Toutefois, le christianisme finit par s’éclipser progressivement de la scène, laissant s’échapper d’ici et là quelques récits empreints de merveilleux et de surnaturel.

Dans le Sud, ce sont d’énigmatiques récits qui font état de l’existence aux premiers siècle de l’ère chrétienne d’un royaume de noirs chrétiens descendants de Kouch, maîtres d’Axoum en Ethiopie.

Fondateurs de Zagora, ils auraient pris par la suite, avec la prééminence des juifs dans la région, le statut subalterne de harratins.

A Fès cette fois, la légende accompagnant la fondation de la ville fait état de la présence sur les lieux d’un vieux moine chrétien, lui-même témoin rapportant l’existence d’une ville ancienne en ces mêmes lieux où Idris le Grand fonda son Etat.

Dans l’Oriental, précisément à Oujda, c’est le nom de Sidi Yahya (fils de Younès [Jonas]) qui marque la mémoire.
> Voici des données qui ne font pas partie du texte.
(* Let $N\ge 2$ and $m$ be integers, let $v=e^{\pi i/N}$, and for integers $n$ put $\{n\}=v^n-v^{-n}$, $A(j,k)=\{j-k\}\{j+k\}$, $S(k,l)=\prod_{k\le n\le l}\{n\}$ and $S'(k,l)=\prod_{k\le n\le l,\ n\notin\{0,N\}}\{n\}$. For a finite family $(a_i)_{i\in I}$ put ${\prod'_{i\in I}}a_i=\sum_{i\in I}\prod_{r\in I\setminus\{i\}}a_r$. For integers $0\le j\le N-1$, $0\le l\le N-1$ define $$D(j,l)=(v^j+v^{-j})\Big(\prod_{k=1}^lA(j,k)+2\{j\}^2{\prod_{1\le k\le l}}'A(j,k)\Big)+\frac{mj}{2}\{j\}\prod_{k=1}^lA(j,k).$$ Then $D(j,l)=D_1(j,l)+D_2(j,l)$, where $D_1(j,l)=\Big(\frac{mj}{2}+\frac{v^j+v^{-j}}{\{j\}}+2\{2j\}\sum_{k=1}^l\frac{1}{A(j,k)}\Big)S(j-l,j+l)$ if $l<\min(j,N-j)$, and $D_1(j,l)=0$ if $l\ge\min(j,N-j)$; and $D_2(j,l)=2S'(j-l,j+l)$ if $j\le l<N-j$, $D_2(j,l)=-2S'(j-l,j+l)$ if $N-j\le l<j$, and $D_2(j,l)=0$ if $l<\min(j,N-j)$ or $l\ge\max(j,N-j)$. *)

From mathcomp Require Import all_boot all_order all_algebra all_field.
Set Implicit Arguments. Unset Strict Implicit. Unset Printing Implicit Defensive.
Import Order.TTheory GRing.Theory Num.Theory.
Local Open Scope ring_scope.

(* v = e^{pi i / N}: N.-root (-1) in algC is the N-th root of -1 with minimal
   nonnegative argument, i.e. exp(pi i / N). *)
Definition vv (N : nat) : algC := N.-root (-1).

Definition br (N : nat) (n : int) : algC := vv N ^ n - vv N ^ (- n).

Definition AA (N : nat) (j k : int) : algC := br N (j - k) * br N (j + k).

Definition SS (N : nat) (k l : int) : algC :=
  if k <= l then \prod_(i < (absz (l - k)).+1) br N (k + i%:Z) else 1.

Definition SS' (N : nat) (k l : int) : algC :=
  if k <= l then
    \prod_(i < (absz (l - k)).+1 | (k + i%:Z != 0) && (k + i%:Z != N%:Z))
      br N (k + i%:Z)
  else 1.

Definition PA (N j l : nat) : algC := \prod_(1 <= k < l.+1) AA N j k.

Definition PA' (N j l : nat) : algC :=
  \sum_(1 <= i < l.+1) \prod_(1 <= r < l.+1 | r != i) AA N j r.

Definition DD (N : nat) (m : int) (j l : nat) : algC :=
  (vv N ^+ j + vv N ^ (- (j%:Z))) * (PA N j l + 2 * (br N j) ^+ 2 * PA' N j l)
  + ((m * j%:Z)%:~R / 2) * br N j * PA N j l.

Definition DD1 (N : nat) (m : int) (j l : nat) : algC :=
  if (l < minn j (N - j))%N then
    ((m * j%:Z)%:~R / 2 + (vv N ^+ j + vv N ^ (- (j%:Z))) / br N j
     + 2 * br N (2 * j%:Z) * \sum_(1 <= k < l.+1) (AA N j k)^-1)
    * SS N (j%:Z - l%:Z) (j%:Z + l%:Z)
  else 0.

Definition DD2 (N : nat) (j l : nat) : algC :=
  if (j <= l < N - j)%N then 2 * SS' N (j%:Z - l%:Z) (j%:Z + l%:Z)
  else if (N - j <= l < j)%N then - (2 * SS' N (j%:Z - l%:Z) (j%:Z + l%:Z))
  else 0.

From mathcomp Require Import all_boot all_order all_algebra all_field.
From mathcomp Require Import lra ring zify.
Set Implicit Arguments.
Unset Strict Implicit.
Unset Printing Implicit Defensive.

Import Order.TTheory GRing.Theory Num.Theory.
Local Open Scope ring_scope.

(* The identity splits according to which factors A(j,k), 1 <= k <= l, vanish:
   A(j,k) = 0 exactly for k = j and k = N - j.  If none vanishes, the sum of
   partial products is (prod A) * sum 1/A and D(j,l) = D1(j,l); if exactly one
   does, prod A = 0 and the sum of partial products is the product of the other
   factors, which together with {j}{2j} (or {j}{2j - N} = -{j}{2j}) regroups
   into S'(j-l, j+l); if both do, every term vanishes (for 2j = N via {2j} = 0).
   That {n} != 0 for 0 < n < N means that v is a primitive 2N-th root of unity.
   Since algC only characterises N.-root (-1) as the N-th root of -1 in the
   upper half plane with the largest real part, this is proved by descent: an
   N-th root of -1 that is not an odd power of v, rotated by v^-2, stays such a
   root and has a larger real part. *)

(* In coordinates y = x + i t and w = c + i s of the unit circle, the claim is
   Im w * Im (y / w) > 0. *)
Lemma unit_circle_Im_rot_gt0 (R : realFieldType) (x t c s : R) :
  x ^+ 2 + t ^+ 2 = 1 -> c ^+ 2 + s ^+ 2 = 1 -> 0 <= t -> 0 <= s ->
  (c, s) != (1, 0) -> x <= c -> (x, t) != (c, s) -> 0 < s * (t * c - x * s).
Proof.
move=> xt1 cs1 t_ge0 s_ge0 cs_neq1 x_le_c xt_neq_cs.
have s_gt0 : 0 < s.
  rewrite lt_neqAle s_ge0 andbT; apply: contra xt_neq_cs => /eqP s0.
  have c_eqN1 : c = -1.
    move: cs_neq1 cs1; rewrite -s0 xpair_eqE eqxx andbT expr0n addr0 => c_neq1.
    by move/eqP; rewrite sqrf_eq1 (negbTE c_neq1) => /eqP.
  have x_eqN1 : x = -1 by nra.
  by rewrite xpair_eqE c_eqN1 x_eqN1 -s0 eqxx /=; apply/eqP; nra.
rewrite pmulr_rgt0 //.
set D := t * c - x * s; set E := x * c + t * s.
have DE1 : D ^+ 2 + E ^+ 2 = 1.
  by rewrite -[1]mulr1 -{1}xt1 -cs1 /D /E; ring.
have x_rot : x = E * c - D * s by rewrite -[x]mulr1 -cs1 /D /E; ring.
have t_rot : t = E * s + D * c by rewrite -[t]mulr1 -cs1 /D /E; ring.
rewrite ltNge; apply/negP => D_le0.
have D_neq0 : D != 0.
  apply: contra xt_neq_cs => /eqP D0.
  have [E1|EN1] : E = 1 \/ E = -1.
    by move: DE1; rewrite D0 expr0n add0r => /eqP; rewrite sqrf_eq1 => /orP[]/eqP; auto.
  - by rewrite xpair_eqE x_rot t_rot D0 E1 !mul0r !mul1r subr0 addr0 !eqxx.
  - nra.
have D_lt0 : D < 0 by rewrite lt_neqAle D_neq0.
have Ds_le : - D * s <= c * (1 - E) by rewrite x_rot in x_le_c; lra.
have Dc_le : - D * c <= E * s by rewrite t_rot in t_ge0; lra.
have E_lt1 : E < 1 by nra.
have c_gt0 : 0 < c by nra.
have : (- D * s) * (- D * c) <= (c * (1 - E)) * (E * s).
  by apply: ler_pM => //; nra.
nra.
Qed.

Lemma Re_mul_conj_sqr (C : numClosedFieldType) (y w : C) : `|w| = 1 ->
  'Re (y * w^* ^+ 2) = 'Re y + 2 * ('Im w * 'Im (y * w^*)).
Proof.
move=> w1; apply/eqP; rewrite -subr_eq0; apply/eqP.
rewrite expr2 mulrA !ReM !ImM !Re_conj !Im_conj.
transitivity ('Re y * ('Re w ^+ 2 + 'Im w ^+ 2 - 1)); first by ring.
by rewrite -normC2_Re_Im w1 expr1n subrr mulr0.
Qed.

Lemma Re_lt_mul_conj_sqr (y w : algC) :
  `|y| = 1 -> `|w| = 1 -> 0 <= 'Im y -> 0 <= 'Im w -> w != 1 ->
  'Re y <= 'Re w -> y != w -> 'Re y < 'Re (y * w^* ^+ 2).
Proof.
move=> y1 w1 Imy_ge0 Imw_ge0 w_neq1 Re_le y_neq_w.
rewrite Re_mul_conj_sqr // ltrDl pmulr_rgt0 ?ltr0n //.
rewrite ImM Re_conj Im_conj mulrN [_ * 'Im y]mulrC.
pose X := in_algR (Creal_Re y); pose T := in_algR (Creal_Im y).
pose Cw := in_algR (Creal_Re w); pose S := in_algR (Creal_Im w).
have unit_circle z (Z1 Z2 : algR) : `|z| = 1 -> algRval Z1 = 'Re z -> algRval Z2 = 'Im z ->
    Z1 ^+ 2 + Z2 ^+ 2 = 1.
  move=> z1 eZ1 eZ2; apply: val_inj.
  change (algRval (Z1 ^+ 2 + Z2 ^+ 2) = algRval 1).
  by rewrite rmorphD !rmorphXn /= eZ1 eZ2 -normC2_Re_Im z1 expr1n.
have neq_rect z z' (Z1 Z2 Z1' Z2' : algR) : algRval Z1 = 'Re z -> algRval Z2 = 'Im z ->
    algRval Z1' = 'Re z' -> algRval Z2' = 'Im z' -> z != z' -> (Z1, Z2) != (Z1', Z2').
  move=> e1 e2 e1' e2'; apply: contra => /eqP[E1 E2].
  by rewrite eqC -e1 -e2 -e1' -e2' E1 E2 !eqxx.
have := @unit_circle_Im_rot_gt0 _ X T Cw S (unit_circle y X T y1 erefl erefl)
  (unit_circle w Cw S w1 erefl erefl) Imy_ge0 Imw_ge0
  (neq_rect w 1 Cw S 1 0 erefl erefl (esym (Creal_ReP _ (rpred1 _)))
     (esym (Creal_ImP _ (rpred1 _))) w_neq1)
  Re_le (neq_rect y w X T Cw S erefl erefl erefl erefl y_neq_w).
move=> pos; have : 0 < algRval (S * (T * Cw - X * S)) := pos.
by rewrite rmorphM rmorphB !rmorphM addrC.
Qed.

Lemma exists_max_Re (T : finType) (P : pred T) (f : T -> algC) (i0 : T) :
  P i0 -> exists2 i, P i & forall j, P j -> 'Re (f j) <= 'Re (f i).
Proof.
move=> Pi0; have [i Pi max_i] := @arg_maxP _ _ T i0 P (fun i => in_algR (Creal_Re (f i))) Pi0.
by exists i.
Qed.

Lemma norm_root_neg1 (C : numClosedFieldType) (n : nat) (y : C) :
  (0 < n)%N -> y ^+ n = -1 -> `|y| = 1.
Proof.
move=> n_gt0 yn; apply/eqP; rewrite -(pexpr_eq1 n_gt0) ?normr_ge0 //.
by rewrite -normrX yn normrN normr1.
Qed.

Lemma expr_double_root_neg1 (R : pzRingType) (n : nat) (u : R) :
  u ^+ n = -1 -> u ^+ (2 * n) = 1.
Proof. by move=> un; rewrite mulnC exprM un sqrrN expr1n. Qed.

Lemma prim_root_half (R : idomainType) (n : nat) (z : R) :
  (2 * n).-primitive_root z -> z ^+ n = -1.
Proof.
move=> z_prim; have n_gt0 : (0 < n)%N by have := prim_order_gt0 z_prim; lia.
apply/eqP; have : (z ^+ n) ^+ 2 == 1 by rewrite -exprM mulnC (prim_expr_order z_prim).
rewrite sqrf_eq1 -(prim_order_dvd z_prim) => /orP[|//].
by move/(dvdn_leq n_gt0); lia.
Qed.

Section RootsOfMinusOne.

Variable N : nat.
Hypothesis N_gt0 : (0 < N)%N.
Local Notation w := (vv N).

Lemma vv_expr_N : w ^+ N = -1.
Proof. exact: rootCK. Qed.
Certains auteurs identifient l’hôte de ce sanctuaire, situé dans une oasis réputée pour ses eaux thermales et ses plantes luxuriantes, à Jean- Baptiste, saint chrétien et prophète cité dans le Coran sous le nom de Yahya fils de Zakariya, de la famille Imran.

La tradition chrétienne le considère comme un prédicateur en Palestine, annonciateur de Jésus qu’il baptisa sur les bords du Jourdain.

Dans son ouvrage dédié à l’histoire d’Oujda et des Angad, Dr Ismaïli Alaoui rapporte en ce sens un récit attribué au cheikh al-Habri selon lequel Sidi Yahya ben Younès était un apôtre de Jésus, issu de Bilad Cham.

Dans ce sillage, et en évoquant les apôtres de Jésus, comment ne pas rappeler l’étonnante histoire des Regraga en pays Haha (dans la région d’Essaouira), entretenue par une tradition vivace, consignée dans une légende dorée nommée «L’Ifriqiya» qui en fait des Apôtres (Hawariyoun), adeptes de Jésus, professant depuis toujours la foi monothéiste abrahamique!

Dans son ouvrage consacré aux Regraga, le sociologue Abdelkader Mana avait relevé, lors de leur fameux pèlerinage circulaire printanier, des rites et des chants rappelant étrangement l’épisode biblique de la Table servie.

Adoptant une croyance proche de l’arianisme dans sa proclamation de la transcendance divine, les Regraga auraient été persécutés par l’Eglise, en la personne de leurs ancêtres Artoun, Ardoun, Amijji et Alqma, lesquels fuyant par voie de mer, auraient accosté sur les rivages de l’Oued Tensift, à Aguz, où ils fondèrent un lieu de prières, appelé en amazigh, Timzkden n’houren (la Mosquée des apôtres).

De leur filiation seraient issus les Sept Hommes Regraga qui auraient quitté leur Haha natal pour se rendre en Arabie à la rencontre de l’élu de Dieu et sceau des Prophètes Sidna Mohamed dont ils attendaient la prophétie en tant que continuation du message abrahamique et de convertir les leurs bien avant l’arrivée des troupes musulmanes.

Chaque année, selon une tradition immuable, s’effectue encore à l’équinoxe de printemps, dans l’arrière-pays d’Essaouira, une tournée printanière de quarante étapes en quarante-quatre jours.

C’est le pèlerinage circulaire, appelé «Daour», aux sanctuaires des Sept Saints que d’aucuns choisiront de débuter avec l’avènement de l’islam, d’autres au temps de Jésus, voire à la nuit des temps, à la fois pour indiquer que cette région n’était pas terra nullius en matière religieuse et pour marquer une insertion dans l’ordre cosmique et la connexion entretenue avec les lois de l’univers.

Des rites qui ne sont pas sans rappeler le pèlerinage islamo-chrétien des Sept Dormants d’Ephèse en Turquie ou le Tour de Bretagne autour des Sept Saints évangélisateurs de l’Armorique, tissant au-delà des spécificités culturelles et religieuses des uns et des autres, des liens magiques entre les hommes.